Ветус, который крайне недоволен нашим применением термина «исключительный патриотизм» к нему, тем не менее «в затруднении понять патриотизм, который не является исключительным. Слово подразумевает предпочтение прав и благополучия нашей собственной страны правам и благополучию других (и превыше всех других) соперничающих стран. Это, конечно, не филантропия Анахарсиса Клоотса — это не унылый жаргон метафизики, ни лавочная философия типографского дьявола — ни санкюлотизм схоластической добродетели». Мы скажем Ветусу, что мы подразумеваем под исключительным патриотизмом, таким, как (мы говорим) его. Мы подразумеваем под этим, значит, не тот патриотизм, который подразумевает предпочтение прав и благополучия нашей собственной страны, а тот, который претендует на уничтожение и запрещение прав других — не тот патриотизм, который предполагает, что мы — существа обстоятельств, привычки и привязанности, а тот, который лишает нас характера разумных существ — который фантастически делает наши интересы или предрассудки единственной мерой добра и зла для других наций и делает нас единственными арбитрами империи мира — короче говоря, который, под аффектацией чрезмерной тревоги за благополучие нашей собственной страны, исключает даже тень претензии на здравый смысл, справедливость и человечность.
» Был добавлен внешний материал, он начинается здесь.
(* Let $f:\mathbb{R}^2\to\mathbb{R}^2$ be a Topologically Anosov homeomorphism and let $x\in\mathbb{R}^2$ satisfy $\alpha(x)=\emptyset$. Then $\omega(x)\neq\emptyset$.
   Context: A homeomorphism $f:\mathbb{R}^2\to\mathbb{R}^2$ is Topologically Anosov (TA) if: (i) there is a continuous strictly positive $\epsilon:\mathbb{R}^2\to\mathbb{R}$ such that for all $x\neq y$ there is $k\in\mathbb{Z}$ with $\|f^k(x)-f^k(y)\|>\epsilon(f^k(x))$; and (ii) for every continuous strictly positive $\epsilon$ there is a continuous strictly positive $\delta$ such that every $\delta$-pseudo-orbit is $\epsilon$-shadowed by an orbit. A $\delta$-pseudo-orbit is a sequence $(x_n)_{n\in\mathbb{Z}}$ with $\|f(x_n)-x_{n+1}\|<\delta(f(x_n))$; it is $\epsilon$-shadowed by the orbit of $x$ if $\|x_n-f^n(x)\|<\epsilon(x_n)$ for all $n$. $\alpha(x),\omega(x)$ are the $\alpha$- and $\omega$-limit sets. *)

From Stdlib Require Import Reals ZArith.
Open Scope R_scope.

Definition pt := (R * R)%type.

Definition dist2 (p q : pt) : R :=
  sqrt ((fst p - fst q) ^ 2 + (snd p - snd q) ^ 2).

Definition cont_pp (f : pt -> pt) : Prop :=
  forall x e, 0 < e -> exists d, 0 < d /\
    forall y, dist2 x y < d -> dist2 (f x) (f y) < e.

Definition cont_pr (h : pt -> R) : Prop :=
  forall x e, 0 < e -> exists d, 0 < d /\
    forall y, dist2 x y < d -> Rabs (h x - h y) < e.

Definition pos_cont (h : pt -> R) : Prop := cont_pr h /\ forall x, 0 < h x.

Definition homeo_pair (f g : pt -> pt) : Prop :=
  cont_pp f /\ cont_pp g /\ (forall x, g (f x) = x) /\ (forall x, f (g x) = x).

Definition iterZ (f g : pt -> pt) (k : Z) (x : pt) : pt :=
  match k with
  | Z0 => x
  | Zpos p => Nat.iter (Pos.to_nat p) f x
  | Zneg p => Nat.iter (Pos.to_nat p) g x
  end.

Definition expansive (f g : pt -> pt) : Prop :=
  exists eps : pt -> R, pos_cont eps /\
    forall x y, x <> y -> exists k : Z,
      dist2 (iterZ f g k x) (iterZ f g k y) > eps (iterZ f g k x).

Definition pseudo_orbit (f : pt -> pt) (delta : pt -> R) (xs : Z -> pt) : Prop :=
  forall n : Z, dist2 (f (xs n)) (xs (n + 1)%Z) < delta (f (xs n)).

Definition shadowed (f g : pt -> pt) (eps : pt -> R) (xs : Z -> pt) (x : pt) : Prop :=
  forall n : Z, dist2 (xs n) (iterZ f g n x) < eps (xs n).

Definition shadowing (f g : pt -> pt) : Prop :=
  forall eps : pt -> R, pos_cont eps ->
    exists delta : pt -> R, pos_cont delta /\
      forall xs : Z -> pt, pseudo_orbit f delta xs ->
        exists x, shadowed f g eps xs x.

Definition TA (f g : pt -> pt) : Prop :=
  homeo_pair f g /\ expansive f g /\ shadowing f g.

Definition omega_limit (f g : pt -> pt) (x : pt) (y : pt) : Prop :=
  forall e, 0 < e -> forall N : Z, exists n : Z,
    (N <= n)%Z /\ dist2 (iterZ f g n x) y < e.

Definition alpha_limit (f g : pt -> pt) (x : pt) (y : pt) : Prop :=
  forall e, 0 < e -> forall N : Z, exists n : Z,
    (n <= N)%Z /\ dist2 (iterZ f g n x) y < e.

(** By contradiction, suppose the orbit of [x] has neither an alpha- nor an
    omega-limit point, so both half-orbits leave every neighbourhood of every
    point.  Along such a sequence one can prescribe arbitrarily small positive
    values of a continuous positive function (an infimum of [c j + d(p, s j)]).
    Choose points [x'_k != x] converging to [x], and a tolerance [eps] so small
    along the past of [x] and along the points [f^(k+1)(x'_k)] that an orbit
    [eps]-shadowing the past of [x] starts at [x] itself, while one shadowing
    the orbit of [x'_k] up to time [k+1] starts within [d(x, x'_k)/2] of [x'_k].
    For [k] large the pseudo-orbit following the past of [x] and then the
    future of [x'_k] is a [delta]-pseudo-orbit; its shadowing orbit would
    start at [x] and near [x'_k] simultaneously.  Only the shadowing
    property (ii) of the Topologically Anosov homeomorphism is used. *)

From Stdlib Require Import Reals ZArith.
From Stdlib Require Import Lra Lia Rgeom Classical ClassicalEpsilon.
Open Scope R_scope.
Это жалкий солецизм, который Ветус хотел бы подпереть в систему со всей логикой и риторикой, которыми он владеет. Это правда, этот вид патриотизма — не филантропия Анахарсиса Клоотса; он не имеет ничего общего с филантропией в какой-либо форме, но это гнусная смесь «жаргона метафизики с вульгарными понятиями типографского дьявола». Это интенсивный союз грубости и узости невежества с опасной утонченностью самой абстрактной спекуляции. Это страсть и предрассудок, воспаленные философией, и философия, искаженная страстью и предрассудком.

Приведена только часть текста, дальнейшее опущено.